* **ENTRIES SHOWN**:
Lemma enorm_usubmx_int01mx_ge (xi r : R) :
  (forall t, 0 <= t <= 1 -> (opnorm (ursubmx (J t)) <= r%:E)%E) ->
  ((xi + M * r)%:E <= mnorm (ulsubmx B))%E ->
  xi * enorm (usubmx w) <= enorm (usubmx (B *m w)).
Proof.
move=> urJ ulB.
have r_ge0 : 0 <= r.
  by rewrite -lee_fin (le_trans (opnorm_ge0 _) (urJ 0 _)) // lexx ler01.
have urB : enorm (ursubmx B *m dsubmx w) <= r * enorm (dsubmx w).
  apply: (enorm_linear_int01mx_le (L := mulmxr (dsubmx w) \o rsubmx \o usubmx)) => //.
  by move=> t t01; exact: opnorm_le (urJ t t01) _.
have := mnorm_le ulB (usubmx w).
have := enormD (usubmx (B *m w)) (- (ursubmx B *m dsubmx w)).
rewrite enormN usubmx_mul addrK.
have : r * enorm (dsubmx w) <= r * (M * enorm (usubmx w)) by rewrite ler_wpM2l.
nra.
Qed.

Lemma enorm_dsubmx_int01mx_le (mu : R) : 0 < M ->
  (forall t, 0 <= t <= 1 ->
     (opnorm (drsubmx (J t)) + (M^-1)%:E * opnorm (dlsubmx (J t)) <= mu%:E)%E) ->
  enorm (dsubmx (B *m w)) <= M * mu * enorm (usubmx w).
Proof.
move=> M_gt0 dJ.
apply: (enorm_linear_int01mx_le (L := dsubmx \o mulmxr w)) => // t t01.
have Minv_gt0 : 0 < M^-1 by rewrite invr_gt0.
have [d [c [dE cE dc_mu]]] :=
  ereal_add_mul_le (opnorm_ge0 _) (opnorm_ge0 _) Minv_gt0 (dJ t t01).
have d_ge0 : 0 <= d by rewrite -lee_fin -dE opnorm_ge0.
have dlJ : (opnorm (dlsubmx (J t)) <= c%:E)%E by rewrite cE.
have drJ : (opnorm (drsubmx (J t)) <= d%:E)%E by rewrite dE.
rewrite /= dsubmx_mul; apply: le_trans (enormD _ _) _.
have := opnorm_le dlJ (usubmx w); have := opnorm_le drJ (dsubmx w).
have : d * enorm (dsubmx w) <= d * (M * enorm (usubmx w)) by rewrite ler_wpM2l.
have : c * enorm (usubmx w) = M * (M^-1 * c) * enorm (usubmx w).
  by rewrite mulrA divff ?mul1r ?gt_eqF.
have : 0 <= M * enorm (usubmx w) * (mu - (d + M^-1 * c)).
  by rewrite !mulr_ge0 ?enorm_ge0 ?subr_ge0 // ltW.
lra.
Qed.

End ConeEstimates.

Lemma enorm_continuous (R : realType) (T : topologicalType) m n (g : T -> 'M[R]_(m, n)) :
  (forall i j, continuous (fun x => g x i j)) -> continuous (fun x => enorm (g x)).
Proof.
move=> cg x; apply: (continuous_comp _ (@sqrt_continuous R _)).
apply: continuous_big => [|i _]; first exact: add_continuous.
apply: continuous_big => [|j _]; first exact: add_continuous.
under eq_fun do rewrite expr2.
by move=> y; exact: cvgM (cg i j y) (cg i j y).
Qed.

Lemma cone_u_interior (R : realType) u s (M : R) (z : 'rV[R]_(u + s)) :
  enorm (rsubmx z) < M * enorm (lsubmx z) -> interior (cone_u M) z.
Proof.
pose phi (w : 'rV[R]_(u + s)) := M * enorm (lsubmx w) - enorm (rsubmx w).
have cl : continuous (fun w : 'rV[R]_(u + s) => enorm (lsubmx w)).
  apply: enorm_continuous => i j.
  rewrite (_ : (fun w : 'rV[R]_(u + s) => lsubmx w i j) = fun w => w i (lshift s j)).
    exact: coord_continuous.
  by apply: funext => w; rewrite mxE.
have cr : continuous (fun w : 'rV[R]_(u + s) => enorm (rsubmx w)).
  apply: enorm_continuous => i j.
  rewrite (_ : (fun w : 'rV[R]_(u + s) => rsubmx w i j) = fun w => w i (rshift u j)).
    exact: coord_continuous.
  by apply: funext => w; rewrite mxE.
have cphi : continuous phi by move=> w; exact: cvgB (cvgM (cvg_cst M) (cl w)) (cr w).
move=> z_in; rewrite /interior /=.
have phi_gt0 : 0 < phi z by rewrite subr_gt0.
have : nbhs z [set w | 0 < phi w].
  by apply: (cvgr_gt _ (cphi z) _ phi_gt0); exact: nbhs_filter.
by apply: filterS => w; rewrite /cone_u /phi /= subr_gt0 => /ltW.
Qed.

Lemma cone_u_lsubmx_eq0 (R : realType) u s (M : R) (z : 'rV[R]_(u + s)) :
  cone_u M z -> enorm (lsubmx z) = 0 -> z = 0.
Proof.
move=> z_cone x0; have y0 : enorm (rsubmx z) = 0.
  by apply/le_anti; rewrite enorm_ge0 andbT; move: z_cone; rewrite /cone_u /= x0 mulr0.
by rewrite -[z]hsubmxK (enorm0_eq0 x0) (enorm0_eq0 y0) row_mx0.
Qed.
Lemma bounded_blocks_Mi_coef ms es m1 s :
  length ms = length es -> List.Forall (fun m => (1 <= m)%nat) ms -> (1 <= m1)%nat -> s * s = 1 ->
  bounded (blocks_op (combine ms (map sgn es)) (Mi_coef [(m1, s)])).
Proof.
  intros Hl Hf Hm1 Hs. apply bounded_blocks_op; auto; simpl; [rewrite coef_0 by auto; ring|].
  assert (Hs1 : Rabs s <= 1).
  { assert (Rabs s * Rabs s = 1) by (rewrite <- Rabs_mult, Hs; apply Rabs_R1).
    pose proof (Rabs_pos s). nra. }
  destruct (bounded_coef m1 s Hs1) as [C HC].
  exists C. intros M. simpl. rewrite Rmult_1_r. apply HC.
Qed.

Lemma blocks_Mi_series m1 ms' es' s x :
  length ms' = length es' -> Rabs x < 1 -> s * s = 1 -> (1 <= m1)%nat ->
  List.Forall (fun m => (1 <= m)%nat) ms' ->
  PSeries (blocks_op (combine ms' (map sgn es')) (Mi_coef [(m1, s)])) x
  = Mi (rev (m1 :: ms')) (map (Rmult s) (qvec (map sgn es')) ++ [s]) x.
Proof.
  intros Hl Hx Hs Hm1 Hf.
  set (L := combine ms' (map sgn es')).
  assert (Hne : [(m1, s)] <> []) by discriminate.
  assert (Hh : admissible [(m1, s)]) by (repeat constructor; auto).
  assert (HL : admissible L) by apply admissible_combine, Hf.
  assert (Hb : bounded (blocks_op L (Mi_coef [(m1, s)]))) by (apply bounded_blocks_Mi_coef; auto).
  assert (Hex : ex_pseries (Mi_coef (push_blocks L [(m1, s)])) x).
  { apply (ex_pseries_ext (blocks_op L (Mi_coef [(m1, s)])));
      [intros; apply blocks_Mi_coef; auto|apply ex_pseries_bounded; auto]. }
  destruct (admissible_push_blocks L _ Hne Hh HL) as [Hne' Hadm].
  rewrite (PSeries_ext _ (Mi_coef (push_blocks L [(m1, s)])))
    by (intros; apply blocks_Mi_coef; auto).
  rewrite PSeries_Mi_coef by auto.
  unfold Mi, L. rewrite push_blocks_closed by (rewrite length_map; auto).
  simpl rev. rewrite combine_app_single; auto.
  unfold qvec. rewrite length_map, pvec_length, !length_rev, length_map. auto.
Qed.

* **INSTRUCTIONS FOR THE TASK**: In the listing above, the lines from the one containing "assert (Hs1 : Rabs s <= 1)." through the one containing "PSeries (blocks_op (combine" must be set down exactly, with no other lines.

* **WRITTEN ANSWER**:
  assert (Hs1 : Rabs s <= 1).
  { assert (Rabs s * Rabs s = 1) by (rewrite <- Rabs_mult, Hs; apply Rabs_R1).
    pose proof (Rabs_pos s). nra. }
  destruct (bounded_coef m1 s Hs1) as [C HC].
  exists C. intros M. simpl. rewrite Rmult_1_r. apply HC.
Qed.

Lemma blocks_Mi_series m1 ms' es' s x :
  length ms' = length es' -> Rabs x < 1 -> s * s = 1 -> (1 <= m1)%nat ->
  List.Forall (fun m => (1 <= m)%nat) ms' ->
  PSeries (blocks_op (combine ms' (map sgn es')) (Mi_coef [(m1, s)])) x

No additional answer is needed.